Dear Mom in the Target Parking Lot Who Told Me It Gets Worse,
You probably don't remember me, and there's a good chance you'll never see this, but I will always remember you. Three years ago, we crossed paths in the parking lot at Target — I, a brand-new mom, and you, apparently the most experienced mother. I was leaving the store after making a trip to buy my husband a gift for Father's Day — his first. With me was my infant son, barely 3 months old at the time. It was a big and exciting trip for me, since getting out of the house didn't happen as often as it did before my son was born. I was proud of myself and so happy with how he was behaving.
As I juggled bags and navigated his burgeoning stroller, I glanced down and softly cooed back at his sweet little face. It was then that our paths crossed. Angrily barreling toward us, you shoved your dark sunglasses higher against the bridge of your nose and tossed your leather purse over your shoulder. "Just wait until they start getting mouthy with you and talking back," you said suddenly. "They are a pain in the ass. It gets worse." And just like that, you were gone, whisked away with the whoosh of the store's sliding glass doors.
If I'm being honest, Parking Lot Mom, I've never liked these types of letters: "Dear so-and-so, here's what I wish I would have said to you when you were the worst person on the planet." But when you unleashed your tiny bit of wrath on me and my baby three years ago, I didn't know what to say, so I said nothing. And I've always regretted it. Maybe it's because I'm often wildly confrontational when I believe I've been wronged, and I hate that I let you get away with saying something so awful to me.
But I also know that what you said to me had very little to do with me. I was just an unfortunate target at an opportune moment. I said nothing at the time because there really wasn't much I could say.

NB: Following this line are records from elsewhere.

Lemma filter_flat_map {A B} (P : B -> bool) (g : A -> list B) l :
  filter P (flat_map g l) = flat_map (fun x => filter P (g x)) l.
Proof. induction l; simpl; auto. rewrite filter_app, IHl; auto. Qed.
Lemma filter_seq_eq (a : nat) n s : filter (fun j => (j =? a)%nat) (seq s n) = if (s <=? a)%nat && (a <? s + n)%nat then [a] else [].
Proof. revert s; induction n; intros s; cbn [seq filter].
  - destruct (s <=? a)%nat eqn:E1; destruct (a <? s + 0)%nat eqn:E2; auto.
    apply Nat.leb_le in E1; apply Nat.ltb_lt in E2; lia.
  - rewrite IHn. destruct (s =? a)%nat eqn:E.
    + apply Nat.eqb_eq in E; subst.
      replace (S a <=? a)%nat with false by (symmetry; apply Nat.leb_gt; lia).
      replace (a <=? a)%nat with true by (symmetry; apply Nat.leb_le; lia).
      replace (a <? a + S n)%nat with true by (symmetry; apply Nat.ltb_lt; lia). auto.
    + apply Nat.eqb_neq in E.
      destruct (Nat.leb_spec s a), (Nat.leb_spec (S s) a), (Nat.ltb_spec a (S s + n)), (Nat.ltb_spec a (s + S n)); simpl; auto; lia. Qed.
Lemma flat_map_ext_in {A B} (g1 g2 : A -> list B) l : (forall x, In x l -> g1 x = g2 x) -> flat_map g1 l = flat_map g2 l.
Proof. induction l; simpl; intros H; auto. rewrite H, IHl; auto. Qed.
Lemma filter_false {A} (l : list A) : filter (fun _ => false) l = [].
Proof. induction l; simpl; auto. Qed.
Lemma filter_filter' {A} (f g : A -> bool) l : filter f (filter g l) = filter (fun x => g x && f x) l.
Proof. induction l; simpl; auto. destruct (g a); simpl; auto. destruct (f a); simpl; rewrite IHl; auto. Qed.

Record sstate := mk_sstate { s_pos : vtx; s_last : option edge; s_trav : edge -> bool }.
Definition state_of lam (h : history) : sstate := mk_sstate (position lam h) (last_go h) (traversed h).
Definition advance lam (s : sstate) (mv : move) : sstate :=
  match mv with
  | Wait => s
  | Go e => mk_sstate (cross lam (s_pos s) e) (Some e) (fun f => s_trav s f || edge_eqb e f)
  end.

Lemma last_go_app h A mv : last_go (h ++ [(A, mv)]) =
  match mv with Go e => Some e | Wait => last_go h end.
Proof. induction h as [|a h IH]; simpl. destruct mv; reflexivity.
  rewrite IH. destruct mv; auto. Qed.

Lemma state_app lam h A mv : state_of lam (h ++ [(A, mv)]) = advance lam (state_of lam h) mv.
Proof. unfold state_of, advance. rewrite last_go_app.
  assert (Hp : position lam (h ++ [(A, mv)]) = match mv with Wait => position lam h | Go e => cross lam (position lam h) e end).
  { unfold position. rewrite fold_left_app. reflexivity. }
  assert (Ht : traversed (h ++ [(A, mv)]) = fun f => traversed h f || match mv with Go g => edge_eqb g f | Wait => false end).
  { apply functional_extensionality; intro f. unfold traversed. rewrite existsb_app. simpl. rewrite orb_false_r. reflexivity. }
  rewrite Hp, Ht. destruct mv; simpl; auto. f_equal. apply functional_extensionality; intro; apply orb_false_r. Qed.

Definition sstrategy := sstate -> list edge -> list (R * move).

Definition step_exp lam p (sg : sstrategy) (G : sstate -> R) (s : sstate) : R :=
  sumR (map (fun aw => snd aw * sumR (map (fun wm => fst wm * G (advance lam s (snd wm))) (sg s (fst aw))))
    (patterns p (edges lam))).

Fixpoint tail_st lam p sg e t s : R :=
  match t with O => if s_trav s e then 0 else 1 | S t' => step_exp lam p sg (tail_st lam p sg e t') s end.
Fixpoint tail_sum_st lam p sg e N s : R :=
  match N with O => 0 | S N' => tail_sum_st lam p sg e N' s + tail_st lam p sg e N' s end.

Lemma step_exp_ext_strategy lam p sg1 sg2 G s : (forall A, sg1 s A = sg2 s A) ->
  step_exp lam p sg1 G s = step_exp lam p sg2 G s.
Proof. intros H. unfold step_exp. apply sumR_map_ext; intros aw _. rewrite H; auto. Qed.
Lemma step_exp_plus lam p sg G1 G2 s :
  step_exp lam p sg (fun x => G1 x + G2 x) s = step_exp lam p sg G1 s + step_exp lam p sg G2 s.
Proof. unfold step_exp. rewrite <- sumR_map_plus. apply sumR_map_ext; intros aw _.
  rewrite <- Rmult_plus_distr_l, <- sumR_map_plus. f_equal. apply sumR_map_ext; intros; ring. Qed.
Lemma step_exp_zero lam p sg G s : (forall mv, G (advance lam s mv) = 0) -> step_exp lam p sg G s = 0.
Proof. intros H. unfold step_exp. apply sumR_map_zero; intros aw _.
  rewrite sumR_map_zero; [ring|]. intros wm _; rewrite H; ring. Qed.

(** Once [e] is traversed it stays traversed, so all later tails vanish. *)
Lemma advance_trav lam s mv e : s_trav s e = true -> s_trav (advance lam s mv) e = true.
Proof. intros H; destruct mv; simpl; auto. rewrite H; auto. Qed.
Lemma tail_st_traversed lam p sg e t : forall s, s_trav s e = true -> tail_st lam p sg e t s = 0.
Proof. induction t; intros s H; simpl. rewrite H; auto.
  apply step_exp_zero. intros mv; apply IHt, advance_trav, H. Qed.
Lemma tail_sum_st_traversed lam p sg e N s : s_trav s e = true -> tail_sum_st lam p sg e N s = 0.
Proof. intros H; induction N; simpl; auto. rewrite IHN, tail_st_traversed; auto; ring. Qed.

Lemma tail_sum_st_S lam p sg e N : forall s, tail_sum_st lam p sg e (S N) s =
  (if s_trav s e then 0 else 1) + step_exp lam p sg (tail_sum_st lam p sg e N) s.
Proof. induction N; intros s.
  - simpl. rewrite step_exp_zero by (intros; reflexivity). ring.
  - change (tail_sum_st lam p sg e (S (S N)) s) with (tail_sum_st lam p sg e (S N) s + tail_st lam p sg e (S N) s).
    rewrite IHN. simpl tail_st. rewrite Rplus_assoc, <- step_exp_plus. f_equal. Qed.

Definition step_hist lam p (sg : strategy) (G : history -> R) (h : history) : R :=
  sumR (map (fun aw => snd aw * sumR (map (fun wm => fst wm * G (h ++ [(fst aw, snd wm)])) (sg h (fst aw))))
    (patterns p (edges lam))).
Fixpoint iter_hist lam p sg t (G : history -> R) : history -> R :=
  match t with O => G | S t' => iter_hist lam p sg t' (step_hist lam p sg G) end.

Lemma dist_S_expectation lam p sg t G :
  sumR (map (fun hw => snd hw * G (fst hw)) (Defs.dist lam p sg (S t))) =
  sumR (map (fun hw => snd hw * step_hist lam p sg G (fst hw)) (Defs.dist lam p sg t)).
Proof. simpl Defs.dist. rewrite sumR_flat_map. apply sumR_map_ext; intros hw _.
  unfold step_hist. rewrite sumR_flat_map, <- sumR_map_scal. apply sumR_map_ext; intros aw _.
  rewrite map_map, <- Rmult_assoc, <- sumR_map_scal. apply sumR_map_ext; intros wm _. simpl. rewrite Rmult_assoc. reflexivity. Qed.

Lemma dist_expectation lam p sg t : forall G,
  sumR (map (fun hw => snd hw * G (fst hw)) (Defs.dist lam p sg t)) = iter_hist lam p sg t G [].
Proof. induction t; intros G. simpl. unfold sumR; simpl. ring.
  rewrite dist_S_expectation, IHt. reflexivity. Qed.

Lemma iter_step_hist lam p sg t : forall G h,
  iter_hist lam p sg t (step_hist lam p sg G) h = step_hist lam p sg (iter_hist lam p sg t G) h.
Proof. induction t; intros G h; simpl; auto. Qed.

Lemma iter_hist_tail lam p (sg : strategy) (ss : sstrategy) e :
  (forall h A, sg h A = ss (state_of lam h) A) ->
  forall t h, iter_hist lam p sg t (fun h => if traversed h e then 0 else 1) h = tail_st lam p ss e t (state_of lam h).
Proof. intros Hs t; induction t; intros h. reflexivity.
  change (iter_hist lam p sg (S t) ?G h) with (iter_hist lam p sg t (step_hist lam p sg G) h).
  rewrite iter_step_hist. unfold step_hist. simpl tail_st. unfold step_exp. apply sumR_map_ext; intros aw _.
  rewrite Hs. f_equal. apply sumR_map_ext; intros wm _. rewrite IHt, state_app. reflexivity. Qed.

Lemma tail_as_tail_st lam p (sg : strategy) (ss : sstrategy) e :
  (forall h A, sg h A = ss (state_of lam h) A) ->
  forall t, Defs.tail lam p sg e t = tail_st lam p ss e t (state_of lam []).
Proof. intros Hs t. unfold Defs.tail. rewrite <- (iter_hist_tail lam p sg ss e Hs t []). rewrite <- dist_expectation.
  apply sumR_map_ext; intros hw _. destruct (traversed (fst hw) e); ring. Qed.

Lemma partial_tails_as_tail_sum_st lam p (sg : strategy) (ss : sstrategy) e :
  (forall h A, sg h A = ss (state_of lam h) A) ->
  forall N, sum_f_R0 (Defs.tail lam p sg e) N = tail_sum_st lam p ss e (S N) (state_of lam []).
Proof. intros Hs N; induction N; simpl sum_f_R0; simpl tail_sum_st; rewrite (tail_as_tail_st _ _ _ ss) by auto.
  - rewrite Rplus_0_l. reflexivity.
  - rewrite IHN. reflexivity. Qed.

Lemma edge_eqb_spec x y : edge_eqb x y = true <-> x = y.
Proof. destruct x as [a b], y as [c d]; unfold edge_eqb; simpl.
  rewrite andb_true_iff, !Nat.eqb_eq. split; [intros [-> ->]; auto | intros H; inversion H; auto]. Qed.
Lemma edge_eqb_refl x : edge_eqb x x = true. Proof. apply edge_eqb_spec; auto. Qed.
Lemma edge_eqb_neq x y : x <> y -> edge_eqb x y = false.
Proof. intros H. destruct (edge_eqb x y) eqn:E; auto. apply edge_eqb_spec in E; contradiction. Qed.
Lemma edge_eq_dec (x y : edge) : {x = y} + {x <> y}.
Proof. decide equality; apply Nat.eq_dec. Qed.
Lemma memb_In e l : memb e l = true <-> In e l.
Proof. unfold memb. rewrite existsb_exists. split.
  - intros [x [Hx He]]. apply edge_eqb_spec in He; subst; auto.
  - intros H; exists e; split; auto; apply edge_eqb_refl. Qed.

I was a new mom and certainly didn't know more than you, so I couldn't tell you you were wrong. I mean, how stupid would I have sounded? "No. My kid will never talk back to me." Cue endless laughter. My son is now 3, and that ship has sailed.
I also didn't want to provoke you, and honestly, I felt bad for you. You were clearly dealing with something in your life that made you want to lash out in that moment. Still, I wish you would have chosen something different to say — or better yet, said nothing at all. Because while I was able to handle your vitriol, another mom might not have been. Heck, even I may have been more hurt by the interaction had you caught me in my parenting journey even a month or two earlier.
I was fortunate not to suffer from a postpartum mood disorder, but there are so many women who do struggle and for whom careless words could be a dagger in their hearts — the thing that shoves them painfully over the edge. But even without suffering from postpartum depression or anxiety, I was still prone to the insecurities and anxieties all new moms face. I remember those very first public outings with my new baby and how it felt like all eyes were on me, judging me and clearly noticing that I had no idea what the hell I was doing. Even now, as a mom of a preschooler and infant twins, I still have the occasional moment where I feel everyone is watching and waiting for the fledgling mom to screw up.
I hope that when the years have passed and I'm the seasoned mom with teenagers testing her patience, I remember the vulnerability of those early years. And I hope that when I see what is clearly a new mom pushing her still-clean, scratch-free stroller and gazing down lovingly at the new life who has yet to push her buttons in the way only kids can, I won't attack her in that moment and warn her of all the struggles yet to come. Instead, I'll smile at her and remember how precious and fleeting those moments are.
Motherhood doesn't get worse. It's hard every single day, and it's worth it.